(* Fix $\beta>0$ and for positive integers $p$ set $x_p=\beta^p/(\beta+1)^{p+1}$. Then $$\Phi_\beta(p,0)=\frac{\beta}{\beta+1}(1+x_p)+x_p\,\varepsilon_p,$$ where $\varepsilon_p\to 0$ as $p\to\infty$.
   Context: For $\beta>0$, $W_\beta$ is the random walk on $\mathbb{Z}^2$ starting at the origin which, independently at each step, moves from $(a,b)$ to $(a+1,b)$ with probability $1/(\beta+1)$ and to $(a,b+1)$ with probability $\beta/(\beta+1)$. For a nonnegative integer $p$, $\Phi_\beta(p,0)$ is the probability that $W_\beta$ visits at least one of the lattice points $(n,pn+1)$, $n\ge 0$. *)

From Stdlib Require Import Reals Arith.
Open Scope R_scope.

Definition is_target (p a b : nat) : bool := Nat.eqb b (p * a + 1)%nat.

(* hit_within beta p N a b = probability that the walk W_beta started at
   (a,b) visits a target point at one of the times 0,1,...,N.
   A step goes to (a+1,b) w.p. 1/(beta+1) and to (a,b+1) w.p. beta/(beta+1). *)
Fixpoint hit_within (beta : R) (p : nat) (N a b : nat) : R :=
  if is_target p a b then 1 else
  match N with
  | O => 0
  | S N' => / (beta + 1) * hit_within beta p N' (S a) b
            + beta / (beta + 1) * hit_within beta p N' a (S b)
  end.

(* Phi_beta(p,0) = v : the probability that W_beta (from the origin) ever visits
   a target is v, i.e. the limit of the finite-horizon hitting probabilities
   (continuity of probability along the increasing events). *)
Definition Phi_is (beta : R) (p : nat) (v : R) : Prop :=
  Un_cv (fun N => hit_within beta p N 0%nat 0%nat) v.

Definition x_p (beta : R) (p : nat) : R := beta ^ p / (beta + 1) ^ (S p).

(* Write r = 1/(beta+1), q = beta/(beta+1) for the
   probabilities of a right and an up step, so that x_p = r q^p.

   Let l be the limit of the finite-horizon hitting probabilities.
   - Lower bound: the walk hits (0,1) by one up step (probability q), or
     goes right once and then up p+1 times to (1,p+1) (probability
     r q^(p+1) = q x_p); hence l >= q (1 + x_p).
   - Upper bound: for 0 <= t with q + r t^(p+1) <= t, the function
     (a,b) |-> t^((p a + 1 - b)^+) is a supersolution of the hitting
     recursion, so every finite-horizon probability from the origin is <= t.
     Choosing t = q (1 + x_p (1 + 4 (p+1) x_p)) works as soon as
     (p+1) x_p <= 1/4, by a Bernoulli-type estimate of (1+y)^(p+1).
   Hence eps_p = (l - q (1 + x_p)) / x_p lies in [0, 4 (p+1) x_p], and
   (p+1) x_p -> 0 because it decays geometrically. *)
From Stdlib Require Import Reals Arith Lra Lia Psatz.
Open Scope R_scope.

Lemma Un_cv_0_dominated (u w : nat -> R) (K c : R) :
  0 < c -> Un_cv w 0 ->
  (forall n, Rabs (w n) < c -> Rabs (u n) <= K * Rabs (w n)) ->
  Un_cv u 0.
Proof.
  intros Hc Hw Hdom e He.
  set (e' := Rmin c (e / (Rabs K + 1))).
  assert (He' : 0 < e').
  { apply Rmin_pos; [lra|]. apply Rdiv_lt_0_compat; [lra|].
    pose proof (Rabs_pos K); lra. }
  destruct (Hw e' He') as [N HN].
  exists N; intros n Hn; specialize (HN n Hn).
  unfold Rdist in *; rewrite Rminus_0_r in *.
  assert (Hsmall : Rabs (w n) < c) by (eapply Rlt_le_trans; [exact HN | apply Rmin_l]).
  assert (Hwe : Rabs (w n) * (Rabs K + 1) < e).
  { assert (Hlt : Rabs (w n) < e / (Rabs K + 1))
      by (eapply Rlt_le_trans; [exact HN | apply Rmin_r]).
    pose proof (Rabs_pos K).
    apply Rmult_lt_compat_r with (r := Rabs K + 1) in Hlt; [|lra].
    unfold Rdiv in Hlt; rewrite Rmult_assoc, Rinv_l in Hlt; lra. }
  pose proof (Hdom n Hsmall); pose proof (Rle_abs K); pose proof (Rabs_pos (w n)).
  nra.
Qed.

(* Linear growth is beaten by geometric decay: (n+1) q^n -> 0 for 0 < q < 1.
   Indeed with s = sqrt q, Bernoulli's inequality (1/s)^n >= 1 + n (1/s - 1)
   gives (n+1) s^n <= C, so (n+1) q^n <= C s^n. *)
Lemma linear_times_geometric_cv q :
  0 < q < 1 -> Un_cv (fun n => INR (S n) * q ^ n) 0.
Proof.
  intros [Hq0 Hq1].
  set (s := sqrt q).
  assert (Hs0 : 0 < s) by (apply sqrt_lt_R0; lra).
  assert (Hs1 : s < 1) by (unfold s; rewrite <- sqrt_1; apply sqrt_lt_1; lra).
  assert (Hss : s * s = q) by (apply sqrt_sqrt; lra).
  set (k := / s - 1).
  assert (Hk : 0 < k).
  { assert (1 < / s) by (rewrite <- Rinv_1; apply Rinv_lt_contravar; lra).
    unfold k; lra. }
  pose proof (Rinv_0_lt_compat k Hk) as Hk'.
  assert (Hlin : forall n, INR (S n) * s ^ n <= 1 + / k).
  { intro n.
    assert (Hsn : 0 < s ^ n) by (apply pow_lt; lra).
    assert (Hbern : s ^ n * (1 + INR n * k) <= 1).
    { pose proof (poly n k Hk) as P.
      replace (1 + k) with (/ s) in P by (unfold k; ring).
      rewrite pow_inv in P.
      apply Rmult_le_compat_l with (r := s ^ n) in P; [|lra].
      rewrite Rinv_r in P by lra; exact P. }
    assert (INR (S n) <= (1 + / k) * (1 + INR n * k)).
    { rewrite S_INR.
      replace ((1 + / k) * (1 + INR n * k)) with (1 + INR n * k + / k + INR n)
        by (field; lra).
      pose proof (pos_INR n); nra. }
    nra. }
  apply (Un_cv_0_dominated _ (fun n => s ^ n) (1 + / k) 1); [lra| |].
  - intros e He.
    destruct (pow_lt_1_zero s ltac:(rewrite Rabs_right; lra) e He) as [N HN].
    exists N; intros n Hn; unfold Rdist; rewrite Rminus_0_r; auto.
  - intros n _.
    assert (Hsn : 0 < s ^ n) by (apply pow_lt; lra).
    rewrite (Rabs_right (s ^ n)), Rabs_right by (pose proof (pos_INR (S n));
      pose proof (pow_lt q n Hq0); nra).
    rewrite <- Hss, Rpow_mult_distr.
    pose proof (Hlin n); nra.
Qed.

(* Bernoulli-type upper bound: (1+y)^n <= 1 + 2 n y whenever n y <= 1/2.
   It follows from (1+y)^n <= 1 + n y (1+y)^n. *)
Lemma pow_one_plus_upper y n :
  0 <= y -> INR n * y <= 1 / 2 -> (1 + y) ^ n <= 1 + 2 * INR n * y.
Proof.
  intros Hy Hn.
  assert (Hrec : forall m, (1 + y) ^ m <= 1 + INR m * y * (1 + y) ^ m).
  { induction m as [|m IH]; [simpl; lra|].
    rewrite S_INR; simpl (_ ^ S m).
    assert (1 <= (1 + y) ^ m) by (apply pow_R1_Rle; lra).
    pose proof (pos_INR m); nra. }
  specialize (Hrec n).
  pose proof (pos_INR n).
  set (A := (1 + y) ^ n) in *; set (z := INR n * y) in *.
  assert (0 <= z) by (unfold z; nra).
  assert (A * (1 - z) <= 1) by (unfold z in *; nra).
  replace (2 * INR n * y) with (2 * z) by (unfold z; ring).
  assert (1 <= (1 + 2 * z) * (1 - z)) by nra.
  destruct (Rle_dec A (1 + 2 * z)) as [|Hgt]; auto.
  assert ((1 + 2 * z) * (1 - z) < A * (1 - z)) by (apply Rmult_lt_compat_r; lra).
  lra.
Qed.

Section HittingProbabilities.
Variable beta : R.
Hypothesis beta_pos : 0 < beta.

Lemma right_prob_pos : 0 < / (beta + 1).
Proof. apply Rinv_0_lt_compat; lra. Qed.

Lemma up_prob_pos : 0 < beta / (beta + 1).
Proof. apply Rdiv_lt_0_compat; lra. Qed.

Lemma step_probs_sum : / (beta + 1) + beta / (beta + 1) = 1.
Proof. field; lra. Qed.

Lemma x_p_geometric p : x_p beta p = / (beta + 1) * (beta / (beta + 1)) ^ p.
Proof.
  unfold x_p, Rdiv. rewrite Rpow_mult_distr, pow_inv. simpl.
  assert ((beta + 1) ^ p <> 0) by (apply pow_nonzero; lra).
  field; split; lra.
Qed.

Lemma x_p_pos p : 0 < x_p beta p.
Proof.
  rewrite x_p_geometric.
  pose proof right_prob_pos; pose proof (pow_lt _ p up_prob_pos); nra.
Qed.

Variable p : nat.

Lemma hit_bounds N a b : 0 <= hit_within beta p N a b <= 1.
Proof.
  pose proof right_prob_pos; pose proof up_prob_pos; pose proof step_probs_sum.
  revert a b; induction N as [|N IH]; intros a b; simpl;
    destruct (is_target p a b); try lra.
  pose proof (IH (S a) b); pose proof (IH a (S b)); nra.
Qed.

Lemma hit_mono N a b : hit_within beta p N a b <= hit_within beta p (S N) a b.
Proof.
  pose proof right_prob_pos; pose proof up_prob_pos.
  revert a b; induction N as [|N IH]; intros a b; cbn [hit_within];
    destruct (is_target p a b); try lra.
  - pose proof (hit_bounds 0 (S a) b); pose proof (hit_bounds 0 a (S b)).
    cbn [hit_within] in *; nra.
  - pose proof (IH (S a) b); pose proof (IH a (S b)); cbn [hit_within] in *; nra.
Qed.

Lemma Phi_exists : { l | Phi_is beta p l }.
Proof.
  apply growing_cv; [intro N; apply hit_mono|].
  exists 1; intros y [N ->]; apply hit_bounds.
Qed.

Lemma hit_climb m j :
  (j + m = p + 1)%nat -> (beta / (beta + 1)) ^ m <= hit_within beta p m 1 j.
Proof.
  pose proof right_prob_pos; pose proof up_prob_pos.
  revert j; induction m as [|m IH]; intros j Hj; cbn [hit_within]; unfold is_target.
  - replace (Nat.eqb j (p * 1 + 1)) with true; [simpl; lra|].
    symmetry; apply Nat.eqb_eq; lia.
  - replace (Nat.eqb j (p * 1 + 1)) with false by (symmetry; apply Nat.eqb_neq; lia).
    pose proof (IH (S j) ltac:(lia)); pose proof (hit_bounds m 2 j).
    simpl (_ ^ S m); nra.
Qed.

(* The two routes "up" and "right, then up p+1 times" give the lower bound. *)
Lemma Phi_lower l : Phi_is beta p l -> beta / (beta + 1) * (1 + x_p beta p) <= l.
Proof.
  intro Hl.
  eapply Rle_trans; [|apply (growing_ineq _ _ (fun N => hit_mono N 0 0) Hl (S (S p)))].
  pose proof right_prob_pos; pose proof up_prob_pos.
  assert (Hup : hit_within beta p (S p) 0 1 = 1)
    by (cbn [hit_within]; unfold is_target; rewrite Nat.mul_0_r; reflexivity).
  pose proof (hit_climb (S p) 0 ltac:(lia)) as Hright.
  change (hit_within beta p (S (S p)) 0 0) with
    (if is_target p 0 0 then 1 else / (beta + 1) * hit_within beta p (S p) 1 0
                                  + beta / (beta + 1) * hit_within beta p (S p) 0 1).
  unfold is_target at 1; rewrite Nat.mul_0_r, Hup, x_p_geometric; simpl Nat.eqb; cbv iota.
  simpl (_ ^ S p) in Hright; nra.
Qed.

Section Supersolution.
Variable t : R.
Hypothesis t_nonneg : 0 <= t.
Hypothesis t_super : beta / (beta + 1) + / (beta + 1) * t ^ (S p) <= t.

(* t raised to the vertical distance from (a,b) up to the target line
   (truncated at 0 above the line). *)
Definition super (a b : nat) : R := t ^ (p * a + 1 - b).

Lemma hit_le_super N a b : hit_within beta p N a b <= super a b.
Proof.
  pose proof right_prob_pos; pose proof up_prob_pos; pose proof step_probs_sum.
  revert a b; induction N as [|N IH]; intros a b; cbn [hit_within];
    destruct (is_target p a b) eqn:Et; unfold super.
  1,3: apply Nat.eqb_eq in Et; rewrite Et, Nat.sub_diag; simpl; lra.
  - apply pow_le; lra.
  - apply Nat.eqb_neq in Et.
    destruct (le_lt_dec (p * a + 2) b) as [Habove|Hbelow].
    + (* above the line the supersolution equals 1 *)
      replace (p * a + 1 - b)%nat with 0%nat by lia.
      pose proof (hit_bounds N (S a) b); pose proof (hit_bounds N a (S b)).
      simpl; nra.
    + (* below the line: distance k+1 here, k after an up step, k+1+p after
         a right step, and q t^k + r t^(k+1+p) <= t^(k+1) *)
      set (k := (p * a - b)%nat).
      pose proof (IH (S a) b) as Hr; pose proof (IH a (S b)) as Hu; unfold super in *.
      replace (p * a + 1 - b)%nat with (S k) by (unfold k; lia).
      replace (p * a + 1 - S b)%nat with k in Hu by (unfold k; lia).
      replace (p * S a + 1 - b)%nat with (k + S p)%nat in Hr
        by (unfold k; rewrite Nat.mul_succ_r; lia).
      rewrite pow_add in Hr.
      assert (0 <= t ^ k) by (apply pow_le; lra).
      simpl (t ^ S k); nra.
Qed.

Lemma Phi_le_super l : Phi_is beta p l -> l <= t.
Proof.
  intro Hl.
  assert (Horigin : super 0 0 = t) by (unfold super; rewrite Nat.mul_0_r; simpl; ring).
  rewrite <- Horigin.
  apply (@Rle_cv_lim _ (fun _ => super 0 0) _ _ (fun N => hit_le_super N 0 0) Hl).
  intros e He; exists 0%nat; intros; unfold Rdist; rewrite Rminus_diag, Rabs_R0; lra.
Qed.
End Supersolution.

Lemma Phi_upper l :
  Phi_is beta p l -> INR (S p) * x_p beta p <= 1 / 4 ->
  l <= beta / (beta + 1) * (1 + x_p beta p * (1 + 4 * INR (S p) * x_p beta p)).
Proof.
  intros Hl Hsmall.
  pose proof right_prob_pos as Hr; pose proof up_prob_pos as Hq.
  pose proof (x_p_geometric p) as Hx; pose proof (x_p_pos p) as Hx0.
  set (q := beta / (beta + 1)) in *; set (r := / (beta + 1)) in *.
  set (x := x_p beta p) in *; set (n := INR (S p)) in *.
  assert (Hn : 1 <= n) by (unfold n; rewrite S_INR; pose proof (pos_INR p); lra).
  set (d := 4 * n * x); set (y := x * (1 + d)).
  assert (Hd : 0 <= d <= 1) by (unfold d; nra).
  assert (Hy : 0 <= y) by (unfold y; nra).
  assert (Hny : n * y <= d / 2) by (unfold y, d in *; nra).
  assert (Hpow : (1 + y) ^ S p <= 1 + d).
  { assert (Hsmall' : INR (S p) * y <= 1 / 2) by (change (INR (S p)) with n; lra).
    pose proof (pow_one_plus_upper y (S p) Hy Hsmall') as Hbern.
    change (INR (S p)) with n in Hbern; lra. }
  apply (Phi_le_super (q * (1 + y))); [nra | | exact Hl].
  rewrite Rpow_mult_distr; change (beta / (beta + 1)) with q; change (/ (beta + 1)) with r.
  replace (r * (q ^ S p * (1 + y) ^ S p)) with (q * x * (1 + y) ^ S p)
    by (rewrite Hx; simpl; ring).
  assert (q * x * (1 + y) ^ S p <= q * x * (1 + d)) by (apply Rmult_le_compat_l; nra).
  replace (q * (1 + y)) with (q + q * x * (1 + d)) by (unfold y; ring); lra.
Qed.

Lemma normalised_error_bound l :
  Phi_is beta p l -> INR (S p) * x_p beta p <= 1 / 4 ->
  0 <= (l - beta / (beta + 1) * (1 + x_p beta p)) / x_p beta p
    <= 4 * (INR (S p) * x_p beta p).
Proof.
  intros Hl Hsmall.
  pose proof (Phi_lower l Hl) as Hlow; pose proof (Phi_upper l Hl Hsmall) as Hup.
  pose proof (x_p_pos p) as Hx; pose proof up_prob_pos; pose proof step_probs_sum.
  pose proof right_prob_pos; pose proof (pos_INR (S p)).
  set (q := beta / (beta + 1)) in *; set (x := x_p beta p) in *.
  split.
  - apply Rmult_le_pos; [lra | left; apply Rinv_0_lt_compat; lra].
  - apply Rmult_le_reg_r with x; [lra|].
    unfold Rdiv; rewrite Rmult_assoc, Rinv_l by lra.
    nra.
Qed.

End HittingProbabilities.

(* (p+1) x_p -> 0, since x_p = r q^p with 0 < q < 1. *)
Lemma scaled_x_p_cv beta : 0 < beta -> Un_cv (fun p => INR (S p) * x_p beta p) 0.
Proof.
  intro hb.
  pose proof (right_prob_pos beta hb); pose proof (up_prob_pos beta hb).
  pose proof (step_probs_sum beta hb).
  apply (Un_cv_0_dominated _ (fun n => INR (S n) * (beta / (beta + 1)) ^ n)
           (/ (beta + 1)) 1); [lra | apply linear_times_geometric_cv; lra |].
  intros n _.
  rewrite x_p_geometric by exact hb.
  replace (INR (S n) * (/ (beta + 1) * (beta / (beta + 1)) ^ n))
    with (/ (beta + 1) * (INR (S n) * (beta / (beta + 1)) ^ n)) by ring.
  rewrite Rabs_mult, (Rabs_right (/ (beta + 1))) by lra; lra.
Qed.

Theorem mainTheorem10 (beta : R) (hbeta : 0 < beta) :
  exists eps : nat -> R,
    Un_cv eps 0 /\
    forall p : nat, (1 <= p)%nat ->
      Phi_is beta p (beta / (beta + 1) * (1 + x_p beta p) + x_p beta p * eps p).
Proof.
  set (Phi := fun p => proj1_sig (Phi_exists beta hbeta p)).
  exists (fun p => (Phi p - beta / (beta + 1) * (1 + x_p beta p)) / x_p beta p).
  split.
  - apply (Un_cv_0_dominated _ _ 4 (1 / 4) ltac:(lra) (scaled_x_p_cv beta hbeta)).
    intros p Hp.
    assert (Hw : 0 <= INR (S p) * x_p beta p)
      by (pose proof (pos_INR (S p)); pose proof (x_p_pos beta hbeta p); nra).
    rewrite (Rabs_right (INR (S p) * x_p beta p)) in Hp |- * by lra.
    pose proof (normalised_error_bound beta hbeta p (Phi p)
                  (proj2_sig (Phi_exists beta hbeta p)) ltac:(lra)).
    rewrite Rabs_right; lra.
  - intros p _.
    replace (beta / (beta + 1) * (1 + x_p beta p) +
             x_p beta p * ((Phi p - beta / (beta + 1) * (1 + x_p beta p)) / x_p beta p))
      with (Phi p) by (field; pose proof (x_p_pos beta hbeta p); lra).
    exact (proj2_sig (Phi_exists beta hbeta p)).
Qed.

+ + +

• _TASK GOAL_:
Your answer should consist of the lines above that hold the word "auto".

• _RESPONSE TO THIS TASK_:
    exists N; intros n Hn; unfold Rdist; rewrite Rminus_0_r; auto.
  destruct (Rle_dec A (1 + 2 * z)) as [|Hgt]; auto.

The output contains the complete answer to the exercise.